First off, I would like to apologize for the poor quality of the photo. The last couple of cakes, I have photographed in other people’s homes and …well, my mini fake studio was not available. This particular cake was for my friend Lucy’s birthday.

She had requested a carrot cake, a four-layer carrot cake, to be exact. Last week she came over, went through all my baking books, and finally settled on …Melissa Murphy’s Carrot Cake with Orange Cream Cheese Frosting.

I also made her a batch of carrot cupcakes (halved the recipe) for any children that were present at the party. The batter seemed a little dense as I made it and I was worried it would turn out a dry cake. When the cakes came out of the oven, they were tall and fluffy. (Whew!) The cream cheese frosting was marvelous. The orange zest really made the icing special.
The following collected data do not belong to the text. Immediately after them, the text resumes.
(* For every detection predicate $\psi:\mathbb{N}^{\Sigma}\to\{0,1\}$ there exists a leaderless CRD that haltingly decides $\psi$ (under a weakly fair scheduler) whose halting runtime is $O(\log n)$. Moreover, the CRD is designed so that all molecules in the halting configuration are voters.
   Context: Detection predicate: for $\mathbf{x}\in\mathbb{N}^{\Sigma}$ let $\mathbf{x}_\downarrow\in\{0,1\}^{\Sigma}$ with $\mathbf{x}_\downarrow(A)=1$ iff $\mathbf{x}(A)>0$; $\psi$ is a detection predicate if $\psi(\mathbf{x})=\psi(\mathbf{x}_\downarrow)$ for all $\mathbf{x}$. CRN model: $\Pi=(\mathcal{S},\mathcal{R})$, finite species set, finite reaction set $\mathcal{R}\subset\mathbb{N}^{\mathcal{S}}\times\mathbb{N}^{\mathcal{S}}$; reactions $(\mathbf{r},\mathbf{p})$ with $\|\mathbf{r}\|_1\in\{1,2\}$, $\|\mathbf{r}\|_1\le\|\mathbf{p}\|_1$; every $\mathbf{r}$ with $1\le\|\mathbf{r}\|_1\le2$ has a nonempty set $\mathcal{R}(\mathbf{r})$ of reactions; void reactions ($\mathbf{r}=\mathbf{p}$) alone in their $\mathcal{R}(\mathbf{r})$; $\operatorname{NV}(\mathcal{R})$ non-void; finite density. Configurations $\mathbf{c}\in\mathbb{N}^{\mathcal{S}}$, $\|\mathbf{c}\|_1\ge1$; applicability $\mathbf{r}\le\mathbf{c}$, result $\mathbf{c}-\mathbf{r}+\mathbf{p}$; reachability $\stackrel{*}{\rightharpoonup}$; $\mathrm{halt}(Z)=\{\mathbf{c}\in Z:\mathbf{c}\stackrel{*}{\rightharpoonup}\mathbf{c}'\Rightarrow\mathbf{c}'=\mathbf{c}\}$. Weakly fair execution $\langle\mathbf{c}^t,\alpha^t\rangle$: every reaction applicable at step $t$ is later scheduled or becomes inapplicable. Halts into $Z$ at the first $t$ with $\mathbf{c}^t\in\mathrm{halt}(Z)$. CRD: input species $\Sigma\subset\mathcal{S}$, disjoint voters $\Upsilon_0,\Upsilon_1$, fuel $F\in\mathcal{S}\setminus\Sigma$, context $\mathbf{k}$ (leaderless: $\mathbf{k}=\mathbf{0}$); valid initial configurations agree with $\mathbf{k}$ off $\Sigma\cup\{F\}$ and have $\mathbf{c}^0(F)\ge1$ (arbitrary fuel count); $\mathcal{D}_v=\{\mathbf{c}:\mathbf{c}(\Upsilon_v)>0,\mathbf{c}(\Upsilon_{1-v})=0\}$; haltingly decides $\psi$ if for every $\mathbf{x}$, every weakly fair execution from every valid $\mathbf{c}^0$ with $\mathbf{c}^0|_\Sigma=\mathbf{x}$ halts into $\mathcal{D}_{\psi(\mathbf{x})}$. Runtime: stochastic scheduler with volume $\varphi=\Theta(n)$, $n=\|\mathbf{c}^0\|_1$; propensity $\pi_{\mathbf{c}}(\alpha)=\mathbf{c}(A)/|\mathcal{R}(\mathbf{r})|$ ($\mathbf{r}=A$), $\frac1\varphi\binom{\mathbf{c}(A)}2/|\mathcal{R}(\mathbf{r})|$ ($\mathbf{r}=2A$), $\frac1\varphi\mathbf{c}(A)\mathbf{c}(B)/|\mathcal{R}(\mathbf{r})|$ ($\mathbf{r}=A+B$); step time span $1/\pi_{\mathbf{c}}(\mathcal{R})$. $\tau(\eta,t,Q)$ = least $s>t$ with $\alpha^{s-1}\in Q$ or every reaction of $Q$ inapplicable at some step in $[t,s]$. Runtime policy $\varrho(\mathbf{c})\subseteq\operatorname{NV}(\mathcal{R})$; skipping policy $\sigma(t)\ge t$; rounds $t(0)=0$, $t_e(i)=\sigma(t(i))$, $\mathbf{e}^i=\mathbf{c}^{t_e(i)}$, $t(i+1)=\tau(\eta,t_e(i),\varrho(\mathbf{e}^i))$; $\operatorname{TC}^{\varrho}(\mathbf{c})$ = expected total time span of the steps before $\tau(\eta_r,0,\varrho(\mathbf{c}))$ of a stochastic execution $\eta_r$ from $\mathbf{c}$; $\operatorname{RT}_{\mathrm{halt}}^{\varrho,\sigma}(\eta)=\sum_{i<i^*}\operatorname{TC}^{\varrho}(\mathbf{e}^i)$ with $i^*=\min\{i:t(i)\ge t^*\}$, $t^*$ the halting step; halting runtime $\operatorname{RT}_{\mathrm{halt}}^{\Pi}(n)=\min_\varrho\max_{\eta,\sigma}\operatorname{RT}_{\mathrm{halt}}^{\varrho,\sigma}(\eta)$ over weakly fair executions from valid initial configurations of molecular count $n$ and all skipping policies. *)

From HB Require Import structures.
From mathcomp Require Import all_boot all_order all_algebra.
From mathcomp Require Import boolp classical_sets reals constructive_ereal ereal exp.
From mathcomp Require Import Rstruct Rstruct_topology.
From Stdlib Require Import ClassicalEpsilon.

Set Implicit Arguments.
Unset Strict Implicit.
Unset Printing Implicit Defensive.

Import Order.TTheory GRing.Theory Num.Theory.

Notation real := Rdefinitions.R.

Definition vec (S : finType) := {ffun S -> nat}.
Definition rxn (S : finType) := (vec S * vec S)%type.

Definition msize (S : finType) (c : vec S) : nat := (\sum_(X : S) c X)%N.

Definition cnt (S : finType) (Y : {set S}) (c : vec S) : nat :=
  (\sum_(X in Y) c X)%N.

(* A CRN is given by its (finite) reaction set, listed as a sequence.
   Reactions are referred to by their index in this list. *)
Definition rx (S : finType) (Rs : seq (rxn S)) (j : 'I_(size Rs)) : rxn S :=
  tnth (in_tuple Rs) j.

Definition applicable (S : finType) (a : rxn S) (c : vec S) : bool :=
  [forall X, a.1 X <= c X].

Definition apply_rxn (S : finType) (a : rxn S) (c : vec S) : vec S :=
  [ffun X => c X - a.1 X + a.2 X].

Definition is_void (S : finType) (a : rxn S) : bool := a.1 == a.2.

Definition step (S : finType) (Rs : seq (rxn S)) (c c' : vec S) : Prop :=
  exists2 a, a \in Rs & applicable a c /\ c' = apply_rxn a c.

Inductive reach (S : finType) (Rs : seq (rxn S)) : vec S -> vec S -> Prop :=
  | reach_refl c : reach Rs c c
  | reach_step c c' c'' : step Rs c c' -> reach Rs c' c'' -> reach Rs c c''.

(* c \in halt(Z) is (c \in Z /\ halted Rs c) *)
Definition halted (S : finType) (Rs : seq (rxn S)) (c : vec S) : Prop :=
  forall c', reach Rs c c' -> c' = c.

Definition finite_density (S : finType) (Rs : seq (rxn S)) : Prop :=
  exists d : nat, forall c c', reach Rs c c' -> msize c' <= d * msize c.

Definition wf_CRN (S : finType) (Rs : seq (rxn S)) : Prop :=
  [/\ uniq Rs,
      (forall a, a \in Rs -> (1 <= msize a.1 <= 2) && (msize a.1 <= msize a.2)),
      (forall r : vec S, 1 <= msize r <= 2 -> exists p, (r, p) \in Rs),
      (forall r p, (r, r) \in Rs -> (r, p) \in Rs -> p = r)
    & finite_density Rs].

Definition is_exec (S : finType) (Rs : seq (rxn S)) (c0 : vec S)
    (cs : nat -> vec S) (als : nat -> 'I_(size Rs)) : Prop :=
  cs 0%N = c0 /\
  forall t, applicable (rx (als t)) (cs t) /\ cs t.+1 = apply_rxn (rx (als t)) (cs t).

Definition weakly_fair (S : finType) (Rs : seq (rxn S))
    (cs : nat -> vec S) (als : nat -> 'I_(size Rs)) : Prop :=
  forall t (a : 'I_(size Rs)), applicable (rx a) (cs t) ->
    exists2 s, (t <= s)%N & (als s = a \/ ~~ applicable (rx a) (cs s)).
Once the cake was cut, I was even more pleased at the moist and tender crumb the cake had. (Whew!) I had never made this recipe before, and I usually do a practice cake on new recipes, especially if they are for a party. This was not the case this time around. With my busy schedule and my birthday all falling on the same week as hers, I just ran out time. I was so thrilled that it tasted delicious and that the birthday girl was pleased as well.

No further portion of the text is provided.